About four months after finishing the radiotherapy, it turned out it had not finished with me, and I found my mild breathlessness becoming much more urgent. Quite suddenly I couldn’t climb a flight of stairs without stopping to catch my breath, I couldn’t walk from my bedroom to the adjoining bathroom two steps down without finding myself in a coughing fit; and then I had my first panic attack. The more I coughed the more I gasped for air, the more I gasped for air, the faster and more shallow my breathing became. I could feel the ‘floor’ of my lungs rise higher until there was no more room for any air to be taken in. Without doubt, I was dying of suffocation. It wasn’t a metaphor, it was an inability to breathe, to take in air; and I knew that I wouldn’t survive this attack.

I did survive, of course. It took some minutes, though probably not as many minutes as it felt like. Gradually, the coughing died down, and the floor of my lungs dropped so that I could take in more air, until I realised I was still breathing and not about to die.

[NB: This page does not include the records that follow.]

(* Let $a\in\mathbb R$, $b\in[a,\infty)$, $d,L\in\mathbb N$, $l=(l_0,l_1,\dots,l_L)\in\mathbb N^{L+1}$ satisfy $d\ge\sum_{k=1}^Ll_k(l_{k-1}+1)$. Then for all $\theta,\vartheta\in\mathbb R^d$, $$\sup_{x\in[a,b]^{l_0}}\|\mathscr N^{\theta,l}_{-\infty,\infty}(x)-\mathscr N^{\vartheta,l}_{-\infty,\infty}(x)\|_\infty\le\max\{1,|a|,|b|\}\,\|\theta-\vartheta\|_\infty\Bigl[\prod_{m=0}^{L-1}(l_m+1)\Bigr]\Bigl[\sum_{n=0}^{L-1}\max\{1,\|\theta\|_\infty^n\}\,\|\vartheta\|_\infty^{L-1-n}\Bigr]$$ $$\le L\max\{1,|a|,|b|\}\bigl(\max\{1,\|\theta\|_\infty,\|\vartheta\|_\infty\}\bigr)^{L-1}\Bigl[\prod_{m=0}^{L-1}(l_m+1)\Bigr]\|\theta-\vartheta\|_\infty\le L\max\{1,|a|,|b|\}(\|l\|_\infty+1)^L\bigl(\max\{1,\|\theta\|_\infty,\|\vartheta\|_\infty\}\bigr)^{L-1}\|\theta-\vartheta\|_\infty.$$
   Context: $\|\cdot\|_\infty$ denotes the maximum norm $\|\theta\|_\infty=\max_i|\theta_i|$ on any $\mathbb R^n$ (also applied to $l$). For $r,s\in\mathbb N$, $k\in\mathbb N_0$, $\theta\in\mathbb R^d$ with $d\ge k+rs+r$, $\mathcal A^{\theta,k}_{r,s}\colon\mathbb R^s\to\mathbb R^r$ has $i$-th component $x\mapsto\sum_{j=1}^s\theta_{k+(i-1)s+j}x_j+\theta_{k+rs+i}$. $\mathfrak R_n$ applies $y\mapsto\max\{y,0\}$ componentwise on $\mathbb R^n$. With $s_k=\sum_{j=1}^kl_j(l_{j-1}+1)$, the unclipped ReLU network is $\mathscr N^{\theta,l}_{-\infty,\infty}=\mathcal A^{\theta,s_{L-1}}_{l_L,l_{L-1}}\circ\mathfrak R_{l_{L-1}}\circ\mathcal A^{\theta,s_{L-2}}_{l_{L-1},l_{L-2}}\circ\cdots\circ\mathfrak R_{l_1}\circ\mathcal A^{\theta,0}_{l_1,l_0}\colon\mathbb R^{l_0}\to\mathbb R^{l_L}$ (for $L=1$ just $\mathcal A^{\theta,0}_{l_1,l_0}$). Convention $0^0=1$. *)

From HB Require Import structures.
From mathcomp Require Import all_boot all_order all_algebra.
From mathcomp Require Import classical_sets boolp reals.
Set Implicit Arguments. Unset Strict Implicit. Unset Printing Implicit Defensive.
Import Order.TTheory GRing.Theory Num.Theory.
Local Open Scope ring_scope.

Section DNN.
Variable R : realType.

(* A finite vector viewed as a function on nat (padded by 0 outside the
   index range).  Used to read parameters theta_{n+1} = vec_at theta n
   (0-based) and the input coordinates. *)
Definition vec_at (n : nat) (v : 'rV[R]_n) (k : nat) : R :=
  if insub k is Some i then v 0 i else 0.

Definition maxnorm (n : nat) (v : 'rV[R]_n) : R :=
  \big[Num.max/0]_(i < n) `|v 0 i|.

(* affine map A^{th,k}_{r,s}, 0-based: component i (i < r) is
   sum_{j<s} th_(k + i*s + j) x_j + th_(k + r*s + i) *)
Definition affine (th : nat -> R) (k r s : nat) (x : nat -> R) : nat -> R :=
  fun i => \sum_(j < s) th (k + i * s + j)%N * x j + th (k + r * s + i)%N.

Definition relu (x : nat -> R) : nat -> R := fun i => Num.max (x i) 0.

Definition sidx (l : seq nat) (k : nat) : nat :=
  \sum_(1 <= j < k.+1) nth 0 l j * (nth 0 l j.-1 + 1).

Fixpoint layer_out (th : nat -> R) (l : seq nat) (m : nat) (x : nat -> R)
  : nat -> R :=
  match m with
  | 0 => x
  | m'.+1 => affine th (sidx l m') (nth 0 l m'.+1) (nth 0 l m')
               (if m' is 0 then x else relu (layer_out th l m' x))
  end.

(* realization N^{theta,l}_{-oo,oo}(x) of the unclipped ReLU network with
   architecture l = (l_0,...,l_L); as a function of the output index *)
Definition realization (d L : nat) (l : (L.+1).-tuple nat) (theta : 'rV[R]_d)
  (x : 'rV[R]_(nth 0 l 0)) : nat -> R :=
  layer_out (vec_at theta) l L (vec_at x).

End DNN.

Arguments realization {R d L} l theta x _.

(** Let z_k and z'_k be the
   inputs of layer k+1 for the parameters θ and ϑ, C the bound on the input
   and P_k = ∏_{m<k} (l_m + 1).  Each output coordinate of an affine layer
   sums l_k + 1 terms, and the difference of two of them splits as
   θ z - ϑ z' = (θ - ϑ) z + ϑ (z - z').  As the ReLU is a contraction
   fixing 0, induction on k gives
     ‖z_k‖ ≤ C P_k max(1, ‖θ‖^k) =: D_k  and
     ‖z_k - z'_k‖ ≤ E_k  with  E_{k+1} = (l_k + 1) (‖θ - ϑ‖ D_k + ‖ϑ‖ E_k),
   and unrolling E_L is the first bound.  The other two only bound every
   summand by max(1, ‖θ‖, ‖ϑ‖)^(L-1) and every factor l_m + 1 by ‖l‖ + 1. *)
From HB Require Import structures.
From mathcomp Require Import all_boot all_order all_algebra.
From mathcomp Require Import classical_sets boolp reals.
From mathcomp Require Import ring lra zify.
Set Implicit Arguments. Unset Strict Implicit. Unset Printing Implicit Defensive.
Import Order.TTheory GRing.Theory Num.Theory.
Local Open Scope ring_scope.
Local Open Scope classical_set_scope.

Section RealInequalities.
Variable R : realFieldType.

Lemma norm_relu_le (y : R) : `|Num.max y 0| <= `|y|.
Proof. by have [y_ge0|y_lt0] := leP 0 y; rewrite ?normr0 ?normr_ge0. Qed.

Lemma relu_lipschitz (y z : R) : `|Num.max y 0 - Num.max z 0| <= `|y - z|.
Proof.
have [y_ge0|y_lt0] := leP 0 y; have [z_ge0|z_lt0] := leP 0 z;
  rewrite ?subr0 ?sub0r ?normrN ?subrr ?normr0 ?normr_ge0 //.
- by rewrite (ger0_norm y_ge0) ger0_norm; lra.
- by rewrite (ger0_norm z_ge0) ler0_norm; lra.
Qed.

Lemma norm_le_max_itv (a b y : R) : a <= y <= b -> `|y| <= Num.max `|a| `|b|.
Proof.
case/andP=> ay yb; rewrite le_max; have [y_ge0|y_lt0] := leP 0 y.
- by rewrite ger0_norm // (le_trans yb (ler_norm b)) orbT.
- by rewrite ltr0_norm // -normrN (le_trans _ (ler_norm _)) ?lerN2.
Qed.

Lemma mulr_max1X (t : R) k :
  0 <= t -> t * Num.max 1 (t ^+ k) <= Num.max 1 (t ^+ k.+1).
Proof.
move=> t_ge0; have [t_le1|t_gt1] := leP t 1.
- by rewrite !max_l ?exprn_ile1 // mulr1.
- by rewrite !max_r ?exprn_ege1 ?(ltW t_gt1) // exprS.
Qed.

Lemma sum_max1X_le (t u : R) n : 0 <= t -> 0 <= u ->
  \sum_(k < n) Num.max 1 (t ^+ k) * u ^+ (n - 1 - k)
    <= n%:R * Num.max 1 (Num.max t u) ^+ (n - 1).
Proof.
move=> t_ge0 u_ge0; set M := Num.max 1 (Num.max t u).
have M_ge1 : 1 <= M by rewrite le_max lexx.
have [t_le u_le] : t <= M /\ u <= M by rewrite !le_max !lexx !orbT.
rewrite mulr_natl -[X in _ *+ X](card_ord n) -sumr_const; apply: ler_sum => k _.
have -> : M ^+ (n - 1) = M ^+ k * M ^+ (n - 1 - k).
  by rewrite -exprD; congr (_ ^+ _); have := ltn_ord k; lia.
apply: ler_pM; rewrite ?exprn_ge0 ?le_max ?ler01 //.
- by rewrite ge_max exprn_ege1 // lerXn2r ?nnegrE // (le_trans ler01).
- by rewrite lerXn2r ?nnegrE // (le_trans ler01).
Qed.

Lemma prod_nth_succ_le (l : seq nat) n : (n <= size l)%N ->
  \prod_(m < n) ((nth 0 l m + 1)%N)%:R <= (((\max_(k <- l) k) + 1)%N)%:R ^+ n :> R.
Proof.
move=> n_le; rewrite -[X in _ ^+ X](card_ord n) -prodr_const.
apply: ler_prod => m _; rewrite ler0n ler_nat leq_add2r.
by apply: (@leq_bigmax_seq _ l xpredT id) => //; apply: mem_nth; apply: leq_trans n_le.
Qed.

End RealInequalities.

Section VecAt.
Variables (R : realType) (n : nat).
Implicit Types v w : 'rV[R]_n.

Lemma vec_at_le_bound v c k :
  0 <= c -> (forall i, `|v 0 i| <= c) -> `|vec_at v k| <= c.
Proof.
by move=> c_ge0 v_le; rewrite /vec_at; case: insubP => [i _ _|_]; rewrite ?normr0.
Qed.

Lemma norm_vec_at_le v k : `|vec_at v k| <= maxnorm v.
Proof.
rewrite /vec_at /maxnorm; case: insubP => [i _ _|_].
  exact: (le_bigmax _ (fun j => `|v 0 j|)).
by rewrite normr0 bigmax_ge_id.
Qed.

Lemma maxnorm_ge0 v : 0 <= maxnorm v.
Proof. exact: le_trans (normr_ge0 _) (norm_vec_at_le v 0). Qed.

Lemma vec_atB v w k : vec_at (v - w) k = vec_at v k - vec_at w k.
Proof. by rewrite /vec_at; case: insubP => [i _ _|_]; rewrite ?mxE ?subrr. Qed.

End VecAt.

Section LayerBoundSequences.
Variables (R : realFieldType) (l : seq nat) (C nt nv nd : R).
Hypotheses (C_ge1 : 1 <= C) (nt_ge0 : 0 <= nt) (nv_ge0 : 0 <= nv) (nd_ge0 : 0 <= nd).

Definition width_prod k : R := \prod_(m < k) ((nth 0 l m + 1)%N)%:R.

Definition out_bound k := C * width_prod k * Num.max 1 (nt ^+ k).

Definition diff_bound k := C * nd * width_prod k *
  \sum_(n < k) Num.max 1 (nt ^+ n) * nv ^+ (k - 1 - n).

Lemma width_prod_ge1 k : 1 <= width_prod k.
Proof.
apply: (big_ind (fun y => 1 <= y)) => // [u v|m _]; first exact: mulr_ege1.
by rewrite ler1n addn1.
Qed.

Lemma out_bound_ge1 k : 1 <= out_bound k.
Proof.
have max_ge1 : 1 <= Num.max 1 (nt ^+ k) by rewrite le_max lexx.
by rewrite !mulr_ege1 ?width_prod_ge1.
Qed.

Lemma diff_bound_ge0 k : 0 <= diff_bound k.
Proof.
rewrite !mulr_ge0 ?(le_trans ler01 C_ge1) ?(le_trans ler01 (width_prod_ge1 k)) //.
by rewrite sumr_ge0 // => n _; rewrite mulr_ge0 ?exprn_ge0 ?le_max ?ler01.
Qed.

Lemma out_boundS_ge k :
  ((nth 0 l k + 1)%N)%:R * nt * out_bound k <= out_bound k.+1.
Proof.
rewrite /out_bound /width_prod big_ord_recr /=.
set p := \prod_(_ < k) _; set q := _%:R.
have p_ge0 : 0 <= p := le_trans ler01 (width_prod_ge1 k).
have -> : q * nt * (C * p * Num.max 1 (nt ^+ k)) =
  C * (p * q) * (nt * Num.max 1 (nt ^+ k)) by ring.
by rewrite ler_wpM2l ?mulr_ge0 ?mulr_max1X ?(le_trans ler01 C_ge1).
Qed.

Lemma diff_boundS k : diff_bound k.+1 =
  ((nth 0 l k + 1)%N)%:R * (nd * out_bound k + nv * diff_bound k).
Proof.
have sumS : \sum_(n < k.+1) Num.max 1 (nt ^+ n) * nv ^+ (k.+1 - 1 - n) =
    nv * (\sum_(n < k) Num.max 1 (nt ^+ n) * nv ^+ (k - 1 - n)) + Num.max 1 (nt ^+ k).
  rewrite big_ord_recr subSS subn0 subnn mulr1 mulr_sumr; congr (_ + _).
  apply: eq_bigr => n _ /=; rewrite mulrCA -exprS subnAC subn1 prednK //.
  by rewrite subn_gt0.
by rewrite /diff_bound /out_bound /width_prod sumS big_ord_recr /=; ring.
Qed.

End LayerBoundSequences.

Definition layer_input (R : realType) (t : nat -> R) (l : seq nat) k x :=
  if k is 0 then x else relu (layer_out t l k x).

Lemma layer_outS (R : realType) (t : nat -> R) l k x :
  layer_out t l k.+1 x =
  affine t (sidx l k) (nth 0 l k.+1) (nth 0 l k) (layer_input t l k x).
Proof. by case: k. Qed.

Section LayerBounds.
Variables (R : realType) (th tv : nat -> R) (nt nv nd : R).
Hypotheses (th_le : forall k, `|th k| <= nt) (tv_le : forall k, `|tv k| <= nv).
Hypothesis thB_le : forall k, `|th k - tv k| <= nd.

Let nt_ge0 : 0 <= nt. Proof. exact: le_trans (normr_ge0 _) (th_le 0). Qed.
Let nv_ge0 : 0 <= nv. Proof. exact: le_trans (normr_ge0 _) (tv_le 0). Qed.
Let nd_ge0 : 0 <= nd. Proof. exact: le_trans (normr_ge0 _) (thB_le 0). Qed.

Lemma norm_affine_le k r s (z : nat -> R) (D : R) i :
  1 <= D -> (forall j, `|z j| <= D) ->
  `|affine th k r s z i| <= (s + 1)%:R * nt * D.
Proof.
move=> D_ge1 z_le; rewrite /affine.
apply: le_trans (ler_normD _ _) _.
apply: (@le_trans _ _ (s%:R * (nt * D) + nt)); last first.
  by have := nt_ge0; rewrite natrD; nra.
apply: lerD => //; rewrite mulr_natl -[X in _ *+ X](card_ord s) -sumr_const.
apply: le_trans (ler_norm_sum _ _ _) _.
by apply: ler_sum => j _; rewrite normrM ler_pM.
Qed.

Lemma norm_affineB_le k r s (z1 z2 : nat -> R) (D E : R) i :
  1 <= D -> (forall j, `|z1 j| <= D) -> (forall j, `|z1 j - z2 j| <= E) ->
  `|affine th k r s z1 i - affine tv k r s z2 i| <= (s + 1)%:R * (nd * D + nv * E).
Proof.
move=> D_ge1 z1_le z12_le.
have E_ge0 : 0 <= E := le_trans (normr_ge0 _) (z12_le 0%N).
rewrite /affine opprD addrACA -sumrB.
apply: le_trans (ler_normD _ _) _.
apply: (@le_trans _ _ (s%:R * (nd * D + nv * E) + nd)); last first.
  by have := nd_ge0; have := nv_ge0; rewrite natrD; nra.
apply: lerD => //; rewrite mulr_natl -[X in _ *+ X](card_ord s) -sumr_const.
apply: le_trans (ler_norm_sum _ _ _) _; apply: ler_sum => j _.
set a := th _; set c := tv _.
have -> : a * z1 j - c * z2 j = (a - c) * z1 j + c * (z1 j - z2 j) by ring.
by apply: le_trans (ler_normD _ _) _; rewrite !normrM /a /c lerD ?ler_pM ?normr_ge0.
Qed.

Variables (l : seq nat) (C : R) (x : nat -> R).
Hypotheses (C_ge1 : 1 <= C) (x_le : forall j, `|x j| <= C).

Lemma layer_input_bounds k :
  (forall i, `|layer_out th l k x i| <= out_bound l C nt k /\
     `|layer_out th l k x i - layer_out tv l k x i| <= diff_bound l C nt nv nd k) ->
  forall j, `|layer_input th l k x j| <= out_bound l C nt k /\
     `|layer_input th l k x j - layer_input tv l k x j| <= diff_bound l C nt nv nd k.
Proof.
case: k => [|k] out_le j; first exact: out_le.
have [th_out_le diff_le] := out_le j.
by split; [exact: le_trans (norm_relu_le _) th_out_le
           |exact: le_trans (relu_lipschitz _ _) diff_le].
Qed.

Lemma layer_out_bounds k i :
  `|layer_out th l k x i| <= out_bound l C nt k /\
  `|layer_out th l k x i - layer_out tv l k x i| <= diff_bound l C nt nv nd k.
Proof.
have D_ge1 := out_bound_ge1 l nt C_ge1.
elim: k i => [|k IH] i.
  rewrite subrr normr0 (diff_bound_ge0 l nt C_ge1 nv_ge0 nd_ge0); split => //.
  by rewrite /out_bound /width_prod big_ord0 expr0 maxxx !mulr1.
have in_le := layer_input_bounds IH.
rewrite !layer_outS; split.
- apply: le_trans (out_boundS_ge l C_ge1 nt_ge0 k).
  exact: norm_affine_le (D_ge1 k) (fun j => (in_le j).1).
- rewrite diff_boundS.
  exact: norm_affineB_le (D_ge1 k) (fun j => (in_le j).1) (fun j => (in_le j).2).
Qed.

End LayerBounds.

Theorem theorem2p36 (R : realType) (a b : R) (d L : nat)
  (l : (L.+1).-tuple nat) (theta vartheta : 'rV[R]_d) :
  a <= b -> (0 < L)%N -> (0 < d)%N -> (forall k, k \in l -> (0 < k)%N) ->
  (\sum_(1 <= k < L.+1) nth 0%N l k * (nth 0%N l k.-1 + 1) <= d)%N ->
  let C := Num.max 1 (Num.max `|a| `|b|) in
  let nt := maxnorm theta in
  let nv := maxnorm vartheta in
  let ndiff := maxnorm (theta - vartheta) in
  let P : R := \prod_(m < L) ((nth 0%N l m + 1)%N)%:R in
  let M := Num.max 1 (Num.max nt nv) in
  let nl := (\max_(k <- l) k)%N in
  sup [set y | exists x : 'rV[R]_(nth 0%N l 0),
         (forall i, a <= x 0 i <= b) /\
         y = \big[Num.max/0]_(i < nth 0%N l L)
               `|realization l theta x i - realization l vartheta x i| ]
    <= C * ndiff * P * (\sum_(n < L) Num.max 1 (nt ^+ n) * nv ^+ (L - 1 - n))
  /\ C * ndiff * P * (\sum_(n < L) Num.max 1 (nt ^+ n) * nv ^+ (L - 1 - n))
    <= L%:R * C * M ^+ (L - 1) * P * ndiff
  /\ L%:R * C * M ^+ (L - 1) * P * ndiff
    <= L%:R * C * ((nl + 1)%N)%:R ^+ L * M ^+ (L - 1) * ndiff.
Proof.
move=> ab _ _ _ _ C nt nv ndiff P M nl.
have C_ge1 : 1 <= C by rewrite le_max lexx.
have [nt_ge0 nv_ge0] := (maxnorm_ge0 theta, maxnorm_ge0 vartheta).
have ndiff_ge0 := maxnorm_ge0 (theta - vartheta).
have P_ge0 : 0 <= P := le_trans ler01 (width_prod_ge1 R l L).
have M_ge0 : 0 <= M by rewrite le_max ler01.
have thB_le k : `|vec_at theta k - vec_at vartheta k| <= ndiff.
  by rewrite -vec_atB norm_vec_at_le.
have net_le :=
  layer_out_bounds (norm_vec_at_le theta) (norm_vec_at_le vartheta) thB_le l C_ge1.
split; [|split].
- apply: ge_sup; first by eexists; exists (\row_i a); split => // i; rewrite mxE lexx ab.
  move=> _ [x [x_ab ->]].
  apply: bigmax_le => [|i _]; first exact: (diff_bound_ge0 l nt C_ge1 nv_ge0 ndiff_ge0).
  apply: (net_le _ _ L i).2.
  move=> j; apply: vec_at_le_bound => [|k]; first exact: le_trans ler01 C_ge1.
  by rewrite (le_trans (norm_le_max_itv (x_ab k))) // le_max lexx orbT.
- rewrite [X in _ <= X](_ : _ = C * ndiff * P * (L%:R * M ^+ (L - 1))); last by ring.
  by rewrite ler_wpM2l ?mulr_ge0 ?sum_max1X_le // (le_trans ler01).
- rewrite [X in X <= _](_ : _ = L%:R * C * M ^+ (L - 1) * ndiff * P); last by ring.
  rewrite [X in _ <= X](_ : _ = L%:R * C * M ^+ (L - 1) * ndiff * (nl + 1)%:R ^+ L);
    last by ring.
  rewrite ler_wpM2l ?prod_nth_succ_le ?size_tuple //.
  by rewrite !mulr_ge0 ?exprn_ge0 // (le_trans ler01).
Qed.
(* Let $\mathbf{X}\in\mathbb{R}^{N_X}$, $\mathbf{Y}\in\mathbb{R}^{N_Y}$ be zero-mean jointly Gaussian, and consider representations $\mathbf{T}_1=\mathbf{A}\mathbf{X}+\boldsymbol{\zeta}_1$, $\mathbf{T}_2=\mathbf{B}\mathbf{X}+\boldsymbol{\zeta}_2$, where $\boldsymbol{\zeta}_1\sim\mathcal N(0,\Sigma_{\zeta_1})$, $\boldsymbol{\zeta}_2\sim\mathcal N(0,\Sigma_{\zeta_2})$ are independent of each other and of $(\mathbf{X},\mathbf{Y})$. For given Lagrange parameters $(\beta,\lambda,\gamma)$ with $\beta,\lambda>0$, $\gamma\ge0$, the self-consistent equations for minimizing $\mathcal{F}=-I(\mathbf{Y};\mathbf{T}_1,\mathbf{T}_2)+\beta I(\mathbf{T}_1;\mathbf{X})+\lambda I(\mathbf{T}_2;\mathbf{X})+\gamma I(\mathbf{T}_1;\mathbf{T}_2)$, restricted to this Gaussian family, yield the following iterative procedure for $(\mathbf{A},\Sigma_{\zeta_1},\mathbf{B},\Sigma_{\zeta_2})$ at iteration $t$ (all quantities with superscript $(t)$ computed from $\mathbf{A}^{(t)},\Sigma_{\zeta_1}^{(t)},\mathbf{B}^{(t)},\Sigma_{\zeta_2}^{(t)}$ via the formulas in the context): $$\Sigma_{\zeta_1}^{-1\,(t+1)}=\Sigma_{T_1}^{-1\,(t)}-\frac{\gamma}{\beta}\Xi_1^{T(t)}\Sigma_{T_2|T_1}^{-1\,(t)}\Xi_1^{(t)}+\frac1\beta\Psi_1^{T(t)}\Sigma_{Y|T_1,T_2}^{-1\,(t)}\Psi_1^{(t)},$$ $$\mathbf{A}^{(t+1)}=\Sigma_{\zeta_1}^{(t+1)}\Big[-\frac{\gamma}{\beta}\Xi_1^{T(t)}\Sigma_{T_2|T_1}^{-1\,(t)}\mathbf{B}^{(t)}+\frac1\beta\Psi_1^{T(t)}\Sigma_{Y|T_1,T_2}^{-1\,(t)}(\Theta-\Psi_2^{(t)}\mathbf{B}^{(t)})\Big],$$ $$\Sigma_{\zeta_2}^{-1\,(t+1)}=\Sigma_{T_2}^{-1\,(t)}-\frac{\gamma}{\lambda}\Xi_2^{T(t)}\Sigma_{T_1|T_2}^{-1\,(t)}\Xi_2^{(t)}+\frac1\lambda\Psi_2^{T(t)}\Sigma_{Y|T_1,T_2}^{-1\,(t)}\Psi_2^{(t)},$$ $$\mathbf{B}^{(t+1)}=\Sigma_{\zeta_2}^{(t+1)}\Big[-\frac{\gamma}{\lambda}\Xi_2^{T(t)}\Sigma_{T_1|T_2}^{-1\,(t)}\mathbf{A}^{(t+1)}+\frac1\lambda\Psi_2^{T(t)}\Sigma_{Y|T_1,T_2}^{-1\,(t)}(\Theta-\Psi_1^{(t)}\mathbf{A}^{(t+1)})\Big].$$
   Context: Notation (all for current $\mathbf{A},\mathbf{B},\Sigma_{\zeta_1},\Sigma_{\zeta_2}$): $\Sigma_X$, $\Sigma_{YX}$ are the covariance and cross-covariance of $(\mathbf{X},\mathbf{Y})$; $\Theta=\Sigma_{YX}\Sigma_X^{-1}$; $\Sigma_{Y|X}$ is the conditional covariance of $\mathbf{Y}$ given $\mathbf{X}$. $\Sigma_{T_1}=\mathbf{A}\Sigma_X\mathbf{A}^T+\Sigma_{\zeta_1}$, $\Sigma_{T_2}=\mathbf{B}\Sigma_X\mathbf{B}^T+\Sigma_{\zeta_2}$. $\Sigma_{X|T_1}=(\Sigma_X^{-1}+\mathbf{A}^T\Sigma_{\zeta_1}^{-1}\mathbf{A})^{-1}$, $\Sigma_{X|T_2}=(\Sigma_X^{-1}+\mathbf{B}^T\Sigma_{\zeta_2}^{-1}\mathbf{B})^{-1}$, $\Sigma_{T_2|T_1}=\mathbf{B}\Sigma_{X|T_1}\mathbf{B}^T+\Sigma_{\zeta_2}$, $\Sigma_{T_1|T_2}=\mathbf{A}\Sigma_{X|T_2}\mathbf{A}^T+\Sigma_{\zeta_1}$. $\Xi_1=\mathbf{B}\Sigma_X\mathbf{A}^T\Sigma_{T_1}^{-1}$, $\Xi_2=\mathbf{A}\Sigma_X\mathbf{B}^T\Sigma_{T_2}^{-1}$. $\Psi_1=\Theta(\Sigma_X\mathbf{A}^T\Sigma_{T_1|T_2}^{-1}-\Sigma_X\mathbf{B}^T\Sigma_{T_2|T_1}^{-1}\mathbf{B}\Sigma_X\mathbf{A}^T\Sigma_{T_1}^{-1})$, $\Psi_2=\Theta(\Sigma_X\mathbf{B}^T\Sigma_{T_2|T_1}^{-1}-\Sigma_X\mathbf{A}^T\Sigma_{T_1|T_2}^{-1}\mathbf{A}\Sigma_X\mathbf{B}^T\Sigma_{T_2}^{-1})$. $\Sigma_{X|T_1,T_2}=\Sigma_X-\Sigma_X\mathbf{A}^T\Sigma_{T_1|T_2}^{-1}\mathbf{A}\Sigma_X+\Sigma_X\mathbf{A}^T\Sigma_{T_1|T_2}^{-1}\mathbf{A}\Sigma_X\mathbf{B}^T\Sigma_{T_2}^{-1}\mathbf{B}\Sigma_X+\Sigma_X\mathbf{B}^T\Sigma_{T_2|T_1}^{-1}\mathbf{B}\Sigma_X\mathbf{A}^T\Sigma_{T_1}^{-1}\mathbf{A}\Sigma_X-\Sigma_X\mathbf{B}^T\Sigma_{T_2|T_1}^{-1}\mathbf{B}\Sigma_X$, and $\Sigma_{Y|T_1,T_2}=\Theta\Sigma_{X|T_1,T_2}\Theta^T+\Sigma_{Y|X}$. The self-consistent equations referred to are: $p(t_1|x)\propto p(t_1)\exp\{\frac{\gamma}{\beta}D_{KL}[p(\mathbf{T}_2|x)\|p(\mathbf{T}_2|t_1)]-\frac1\beta\mathbb{E}_{\mathbf{T}_2|x}D_{KL}[p(\mathbf{Y}|x)\|p(\mathbf{Y}|t_1,\mathbf{T}_2)]\}$ and the symmetric one for $p(t_2|x)$ (with $\lambda$ in place of $\beta$), iterated by first updating $\mathbf{T}_1$ and then $\mathbf{T}_2$ using the updated $\mathbf{T}_1$. *)

From mathcomp Require Import all_boot all_order all_algebra.
From mathcomp Require Import reals.
From mathcomp.analysis Require Import sequences exp trigo.
Set Implicit Arguments. Unset Strict Implicit. Unset Printing Implicit Defensive.
Import Order.TTheory GRing.Theory Num.Theory.
Local Open Scope ring_scope.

I waited for ten minutes or so to allow my shocked body to calm down. This happened three times when I was on my own, and once when my daughter was here. I described it to the Poet, but I knew that he would understand it as a ‘panic attack’, a great but not life-threatening discomfort. An episode of distress, where dying and suffocation were just dramatic words that I co-opted to convey the horribleness of my experience. What I learned from speaking to Grace, who came from the local hospice to see me, was that the radiotherapy had inflamed my lungs, already scarred from the original pulmonary fibrosis. That was a known risk, but as it was later explained to me, the degree of the scarring and inflammation was much greater than had been expected.

A couple of days later I fell down the two steps into the bathroom and ended up in A&E at five in the morning with a broken wrist. Even I could see the comedy, two terminal illnesses and now a broken wrist. And I had my travelling bottle of morphine to save the duty doctor the trouble of writing up a prescription. The following day, Grace gave me information, comfort and a plan of action at least for the panic attacks. A swig of morphine (a measure that was between a sip and a slug) before I started to move, a hand-held battery-operated fan to blow air into my face (this has no medical basis but has been found to lessen the feeling of suffocation in many people, and it did in me) and a couple of reminders to tell myself: to let my shoulders drop and raise my head, and to remember that this had happened before and I hadn’t died. The panic attack had so frightened me that I would have recited The Very Hungry Caterpillar backwards if it had been shown to help fend them off. A later fall left me with three broken ribs as well.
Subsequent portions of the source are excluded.